> Task instructions
Go through the following data and transcribe exactly the stretch of lines from the one holding "Definition split_short_five_lemma : Prop" to the one holding "is_regular_epi e /\", both included.
(Beginning of Recorded data)
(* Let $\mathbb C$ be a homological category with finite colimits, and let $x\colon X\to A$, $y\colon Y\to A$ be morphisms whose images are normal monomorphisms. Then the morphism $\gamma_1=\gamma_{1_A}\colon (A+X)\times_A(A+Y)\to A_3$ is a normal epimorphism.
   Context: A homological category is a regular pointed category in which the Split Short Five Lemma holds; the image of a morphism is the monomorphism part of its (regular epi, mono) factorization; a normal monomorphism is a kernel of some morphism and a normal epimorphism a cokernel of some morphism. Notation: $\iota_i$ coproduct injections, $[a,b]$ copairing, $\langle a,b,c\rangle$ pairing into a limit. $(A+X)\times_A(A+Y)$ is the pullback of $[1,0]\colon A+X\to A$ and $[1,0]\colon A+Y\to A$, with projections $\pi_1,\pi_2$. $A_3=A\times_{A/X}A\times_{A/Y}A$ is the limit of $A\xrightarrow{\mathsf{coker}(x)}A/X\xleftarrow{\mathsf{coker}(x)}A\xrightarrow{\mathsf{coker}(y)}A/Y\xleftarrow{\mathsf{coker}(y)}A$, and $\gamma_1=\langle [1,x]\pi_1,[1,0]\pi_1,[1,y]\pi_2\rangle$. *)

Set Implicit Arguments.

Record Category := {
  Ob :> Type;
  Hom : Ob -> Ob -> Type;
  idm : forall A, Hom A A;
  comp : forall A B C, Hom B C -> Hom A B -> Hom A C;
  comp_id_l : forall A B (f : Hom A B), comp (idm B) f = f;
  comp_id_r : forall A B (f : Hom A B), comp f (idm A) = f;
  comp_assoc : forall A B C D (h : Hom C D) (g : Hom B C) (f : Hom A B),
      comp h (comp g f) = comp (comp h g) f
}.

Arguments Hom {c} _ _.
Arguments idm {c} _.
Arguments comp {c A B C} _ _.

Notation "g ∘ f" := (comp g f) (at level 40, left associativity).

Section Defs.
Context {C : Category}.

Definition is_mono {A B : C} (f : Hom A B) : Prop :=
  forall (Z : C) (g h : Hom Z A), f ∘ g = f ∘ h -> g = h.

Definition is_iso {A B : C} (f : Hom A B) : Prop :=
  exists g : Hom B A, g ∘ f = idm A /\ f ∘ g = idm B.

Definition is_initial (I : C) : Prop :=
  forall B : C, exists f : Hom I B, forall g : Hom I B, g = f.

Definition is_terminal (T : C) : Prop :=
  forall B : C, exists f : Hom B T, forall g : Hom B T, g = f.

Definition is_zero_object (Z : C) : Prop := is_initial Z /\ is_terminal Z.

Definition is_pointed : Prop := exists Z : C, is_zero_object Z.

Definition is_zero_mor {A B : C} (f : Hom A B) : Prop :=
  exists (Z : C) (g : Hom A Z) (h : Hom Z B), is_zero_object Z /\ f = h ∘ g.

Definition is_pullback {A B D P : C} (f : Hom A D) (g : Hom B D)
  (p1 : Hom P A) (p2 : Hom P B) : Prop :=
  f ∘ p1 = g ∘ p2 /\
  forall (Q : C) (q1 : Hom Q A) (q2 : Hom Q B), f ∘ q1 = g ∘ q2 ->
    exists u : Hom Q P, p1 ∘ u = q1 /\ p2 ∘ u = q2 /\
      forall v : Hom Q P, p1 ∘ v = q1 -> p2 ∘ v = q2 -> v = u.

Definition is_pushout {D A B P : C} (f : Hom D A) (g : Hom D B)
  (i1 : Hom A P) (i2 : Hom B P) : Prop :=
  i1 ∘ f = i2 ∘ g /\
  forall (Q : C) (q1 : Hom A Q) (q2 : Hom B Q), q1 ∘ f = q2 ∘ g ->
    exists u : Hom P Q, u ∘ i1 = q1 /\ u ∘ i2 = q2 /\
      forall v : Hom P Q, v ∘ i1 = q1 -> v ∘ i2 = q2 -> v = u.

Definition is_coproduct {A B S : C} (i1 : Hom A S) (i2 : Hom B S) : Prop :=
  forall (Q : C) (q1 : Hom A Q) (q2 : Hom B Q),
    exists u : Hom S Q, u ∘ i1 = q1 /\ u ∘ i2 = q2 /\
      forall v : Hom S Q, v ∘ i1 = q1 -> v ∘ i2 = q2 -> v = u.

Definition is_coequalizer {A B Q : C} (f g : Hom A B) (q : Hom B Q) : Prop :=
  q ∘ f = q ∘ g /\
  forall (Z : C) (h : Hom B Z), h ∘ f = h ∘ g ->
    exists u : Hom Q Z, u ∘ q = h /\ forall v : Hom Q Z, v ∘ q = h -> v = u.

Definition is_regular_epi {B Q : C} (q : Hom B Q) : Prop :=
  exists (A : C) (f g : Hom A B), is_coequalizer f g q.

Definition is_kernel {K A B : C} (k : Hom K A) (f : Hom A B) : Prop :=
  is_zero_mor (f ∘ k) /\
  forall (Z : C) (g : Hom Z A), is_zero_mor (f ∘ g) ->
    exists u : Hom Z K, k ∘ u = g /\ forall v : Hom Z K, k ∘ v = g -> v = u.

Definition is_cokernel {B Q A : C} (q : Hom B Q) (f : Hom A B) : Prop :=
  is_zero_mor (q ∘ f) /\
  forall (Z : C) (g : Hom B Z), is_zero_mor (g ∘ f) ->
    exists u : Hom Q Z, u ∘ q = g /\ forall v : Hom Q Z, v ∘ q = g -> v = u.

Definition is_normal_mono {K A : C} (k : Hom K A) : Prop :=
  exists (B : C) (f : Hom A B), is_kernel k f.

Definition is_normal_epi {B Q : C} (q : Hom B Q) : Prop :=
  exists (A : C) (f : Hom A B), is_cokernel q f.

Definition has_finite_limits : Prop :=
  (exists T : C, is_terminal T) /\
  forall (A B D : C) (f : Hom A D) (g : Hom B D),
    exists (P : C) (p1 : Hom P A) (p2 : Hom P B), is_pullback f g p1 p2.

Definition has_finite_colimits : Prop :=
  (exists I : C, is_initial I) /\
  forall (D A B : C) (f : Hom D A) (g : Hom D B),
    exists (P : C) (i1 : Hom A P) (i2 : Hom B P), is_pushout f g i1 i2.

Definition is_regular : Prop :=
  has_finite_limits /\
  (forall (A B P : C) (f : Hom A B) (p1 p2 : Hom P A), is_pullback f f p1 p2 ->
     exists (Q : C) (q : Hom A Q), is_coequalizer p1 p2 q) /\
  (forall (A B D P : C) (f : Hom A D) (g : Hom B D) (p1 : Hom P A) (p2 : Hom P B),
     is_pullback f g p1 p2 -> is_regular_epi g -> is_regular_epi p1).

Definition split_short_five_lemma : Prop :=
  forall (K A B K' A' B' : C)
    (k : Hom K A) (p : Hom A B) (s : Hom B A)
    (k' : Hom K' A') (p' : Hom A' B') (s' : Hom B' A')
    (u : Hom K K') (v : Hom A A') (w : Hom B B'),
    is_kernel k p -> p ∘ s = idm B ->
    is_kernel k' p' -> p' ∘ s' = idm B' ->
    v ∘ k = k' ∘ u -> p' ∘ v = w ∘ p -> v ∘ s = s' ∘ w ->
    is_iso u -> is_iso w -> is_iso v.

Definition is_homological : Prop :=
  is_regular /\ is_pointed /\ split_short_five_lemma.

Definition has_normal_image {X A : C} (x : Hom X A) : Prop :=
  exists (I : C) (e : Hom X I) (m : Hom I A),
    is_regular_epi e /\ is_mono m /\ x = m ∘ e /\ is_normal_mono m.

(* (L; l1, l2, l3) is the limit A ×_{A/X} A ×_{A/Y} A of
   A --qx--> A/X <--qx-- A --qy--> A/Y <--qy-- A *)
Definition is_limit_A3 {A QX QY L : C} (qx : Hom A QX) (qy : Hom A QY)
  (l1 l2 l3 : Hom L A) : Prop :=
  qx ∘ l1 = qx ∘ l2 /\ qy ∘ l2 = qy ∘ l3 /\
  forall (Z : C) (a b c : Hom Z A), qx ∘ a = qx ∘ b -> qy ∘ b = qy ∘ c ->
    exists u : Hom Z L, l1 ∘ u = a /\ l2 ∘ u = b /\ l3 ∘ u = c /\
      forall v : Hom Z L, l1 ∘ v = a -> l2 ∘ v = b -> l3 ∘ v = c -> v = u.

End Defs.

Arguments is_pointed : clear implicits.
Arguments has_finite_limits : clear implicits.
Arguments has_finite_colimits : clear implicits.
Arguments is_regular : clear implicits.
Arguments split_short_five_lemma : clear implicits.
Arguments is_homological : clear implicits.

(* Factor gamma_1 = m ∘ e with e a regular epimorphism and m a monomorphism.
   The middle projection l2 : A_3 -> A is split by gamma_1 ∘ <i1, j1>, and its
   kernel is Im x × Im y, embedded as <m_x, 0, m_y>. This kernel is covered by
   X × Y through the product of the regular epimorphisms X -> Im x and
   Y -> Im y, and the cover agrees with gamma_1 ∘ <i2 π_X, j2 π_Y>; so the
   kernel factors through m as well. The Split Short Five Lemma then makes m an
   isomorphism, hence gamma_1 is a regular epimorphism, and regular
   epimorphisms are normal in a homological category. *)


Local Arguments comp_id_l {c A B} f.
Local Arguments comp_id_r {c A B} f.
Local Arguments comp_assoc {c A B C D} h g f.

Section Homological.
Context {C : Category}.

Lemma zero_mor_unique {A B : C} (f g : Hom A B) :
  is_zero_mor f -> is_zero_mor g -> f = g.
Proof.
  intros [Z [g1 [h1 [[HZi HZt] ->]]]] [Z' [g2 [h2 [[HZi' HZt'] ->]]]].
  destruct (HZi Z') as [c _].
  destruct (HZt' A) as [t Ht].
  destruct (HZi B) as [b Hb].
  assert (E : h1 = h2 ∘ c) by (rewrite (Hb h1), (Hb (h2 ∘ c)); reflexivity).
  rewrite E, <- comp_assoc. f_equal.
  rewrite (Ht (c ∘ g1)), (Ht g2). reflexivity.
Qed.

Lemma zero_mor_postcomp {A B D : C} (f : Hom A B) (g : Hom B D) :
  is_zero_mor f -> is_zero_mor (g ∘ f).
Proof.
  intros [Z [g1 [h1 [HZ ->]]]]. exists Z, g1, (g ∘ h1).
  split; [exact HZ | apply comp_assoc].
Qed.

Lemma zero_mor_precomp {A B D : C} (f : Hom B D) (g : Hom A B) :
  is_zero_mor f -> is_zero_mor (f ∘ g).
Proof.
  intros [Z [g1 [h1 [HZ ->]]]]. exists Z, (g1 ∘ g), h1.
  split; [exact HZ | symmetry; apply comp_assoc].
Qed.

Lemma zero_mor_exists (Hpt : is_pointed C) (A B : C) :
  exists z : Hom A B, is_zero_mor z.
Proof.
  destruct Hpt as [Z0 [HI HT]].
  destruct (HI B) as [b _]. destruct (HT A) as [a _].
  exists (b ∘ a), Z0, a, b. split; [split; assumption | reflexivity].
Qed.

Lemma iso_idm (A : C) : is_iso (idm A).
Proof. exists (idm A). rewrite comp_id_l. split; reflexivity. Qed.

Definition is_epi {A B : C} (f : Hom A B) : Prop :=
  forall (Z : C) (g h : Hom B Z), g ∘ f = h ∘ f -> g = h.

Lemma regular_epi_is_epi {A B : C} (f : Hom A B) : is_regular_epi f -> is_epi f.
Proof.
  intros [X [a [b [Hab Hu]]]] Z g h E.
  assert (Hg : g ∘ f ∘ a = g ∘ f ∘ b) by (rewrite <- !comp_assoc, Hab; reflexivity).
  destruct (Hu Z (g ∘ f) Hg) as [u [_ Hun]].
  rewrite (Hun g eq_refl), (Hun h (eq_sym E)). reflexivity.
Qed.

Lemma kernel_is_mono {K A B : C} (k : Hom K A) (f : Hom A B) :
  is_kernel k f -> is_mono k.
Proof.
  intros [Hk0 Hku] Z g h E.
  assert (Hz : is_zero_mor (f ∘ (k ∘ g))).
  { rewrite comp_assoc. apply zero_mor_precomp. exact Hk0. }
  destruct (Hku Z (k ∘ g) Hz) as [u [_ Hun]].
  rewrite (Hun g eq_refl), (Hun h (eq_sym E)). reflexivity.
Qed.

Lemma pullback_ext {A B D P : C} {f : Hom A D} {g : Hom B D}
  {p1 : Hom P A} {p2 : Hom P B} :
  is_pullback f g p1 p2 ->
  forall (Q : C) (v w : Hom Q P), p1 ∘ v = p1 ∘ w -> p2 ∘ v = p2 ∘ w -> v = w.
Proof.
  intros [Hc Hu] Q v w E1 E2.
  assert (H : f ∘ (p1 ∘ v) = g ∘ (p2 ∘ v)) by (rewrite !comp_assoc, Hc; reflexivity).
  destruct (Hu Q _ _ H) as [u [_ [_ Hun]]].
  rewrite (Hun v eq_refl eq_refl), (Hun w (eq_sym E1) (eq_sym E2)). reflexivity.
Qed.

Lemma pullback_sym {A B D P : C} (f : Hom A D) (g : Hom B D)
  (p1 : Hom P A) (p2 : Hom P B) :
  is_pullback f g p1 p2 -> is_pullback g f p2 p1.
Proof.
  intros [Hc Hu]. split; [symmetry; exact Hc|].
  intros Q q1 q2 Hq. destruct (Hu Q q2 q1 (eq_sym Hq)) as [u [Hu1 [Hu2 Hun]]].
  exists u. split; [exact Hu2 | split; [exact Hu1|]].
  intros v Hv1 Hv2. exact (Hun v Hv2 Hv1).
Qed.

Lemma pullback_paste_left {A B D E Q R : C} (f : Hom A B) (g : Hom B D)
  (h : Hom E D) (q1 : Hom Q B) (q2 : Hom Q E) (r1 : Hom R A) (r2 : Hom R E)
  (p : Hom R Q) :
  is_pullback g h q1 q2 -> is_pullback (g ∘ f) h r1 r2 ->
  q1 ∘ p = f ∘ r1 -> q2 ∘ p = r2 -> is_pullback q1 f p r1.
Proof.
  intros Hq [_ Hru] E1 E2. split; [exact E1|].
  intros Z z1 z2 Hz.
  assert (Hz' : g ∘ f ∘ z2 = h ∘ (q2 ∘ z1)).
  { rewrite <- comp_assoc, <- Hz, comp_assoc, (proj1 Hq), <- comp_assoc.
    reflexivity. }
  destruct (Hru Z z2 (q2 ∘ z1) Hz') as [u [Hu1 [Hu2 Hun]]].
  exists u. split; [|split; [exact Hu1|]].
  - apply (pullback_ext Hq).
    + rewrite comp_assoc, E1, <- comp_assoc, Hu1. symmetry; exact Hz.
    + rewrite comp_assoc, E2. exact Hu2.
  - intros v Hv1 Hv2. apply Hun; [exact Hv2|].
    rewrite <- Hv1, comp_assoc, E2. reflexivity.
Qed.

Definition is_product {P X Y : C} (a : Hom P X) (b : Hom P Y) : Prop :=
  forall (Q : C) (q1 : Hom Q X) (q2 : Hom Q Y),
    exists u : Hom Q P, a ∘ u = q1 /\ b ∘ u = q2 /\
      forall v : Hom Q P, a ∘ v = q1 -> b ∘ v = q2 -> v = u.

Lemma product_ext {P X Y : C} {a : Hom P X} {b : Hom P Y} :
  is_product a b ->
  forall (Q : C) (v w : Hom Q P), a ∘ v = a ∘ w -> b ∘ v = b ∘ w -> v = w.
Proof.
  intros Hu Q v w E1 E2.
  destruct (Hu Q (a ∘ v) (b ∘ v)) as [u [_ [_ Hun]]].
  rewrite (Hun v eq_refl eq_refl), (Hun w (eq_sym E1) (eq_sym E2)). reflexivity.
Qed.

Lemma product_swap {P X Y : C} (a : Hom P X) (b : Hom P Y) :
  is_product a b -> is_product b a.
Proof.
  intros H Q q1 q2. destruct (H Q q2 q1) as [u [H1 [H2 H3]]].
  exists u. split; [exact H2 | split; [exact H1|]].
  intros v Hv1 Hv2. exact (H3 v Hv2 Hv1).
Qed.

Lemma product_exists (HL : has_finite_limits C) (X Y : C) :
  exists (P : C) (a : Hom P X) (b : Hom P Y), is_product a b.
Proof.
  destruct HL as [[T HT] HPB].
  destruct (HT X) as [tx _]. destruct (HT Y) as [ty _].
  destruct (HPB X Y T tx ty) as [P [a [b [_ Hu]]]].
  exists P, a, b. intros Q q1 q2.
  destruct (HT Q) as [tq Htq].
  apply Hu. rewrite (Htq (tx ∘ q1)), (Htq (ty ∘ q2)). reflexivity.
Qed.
(End of Recorded data)
> Response below
Definition split_short_five_lemma : Prop :=
  forall (K A B K' A' B' : C)
    (k : Hom K A) (p : Hom A B) (s : Hom B A)
    (k' : Hom K' A') (p' : Hom A' B') (s' : Hom B' A')
    (u : Hom K K') (v : Hom A A') (w : Hom B B'),
    is_kernel k p -> p ∘ s = idm B ->
    is_kernel k' p' -> p' ∘ s' = idm B' ->
    v ∘ k = k' ∘ u -> p' ∘ v = w ∘ p -> v ∘ s = s' ∘ w ->
    is_iso u -> is_iso w -> is_iso v.

Definition is_homological : Prop :=
  is_regular /\ is_pointed /\ split_short_five_lemma.

Definition has_normal_image {X A : C} (x : Hom X A) : Prop :=
  exists (I : C) (e : Hom X I) (m : Hom I A),
    is_regular_epi e /\ is_mono m /\ x = m ∘ e /\ is_normal_mono m.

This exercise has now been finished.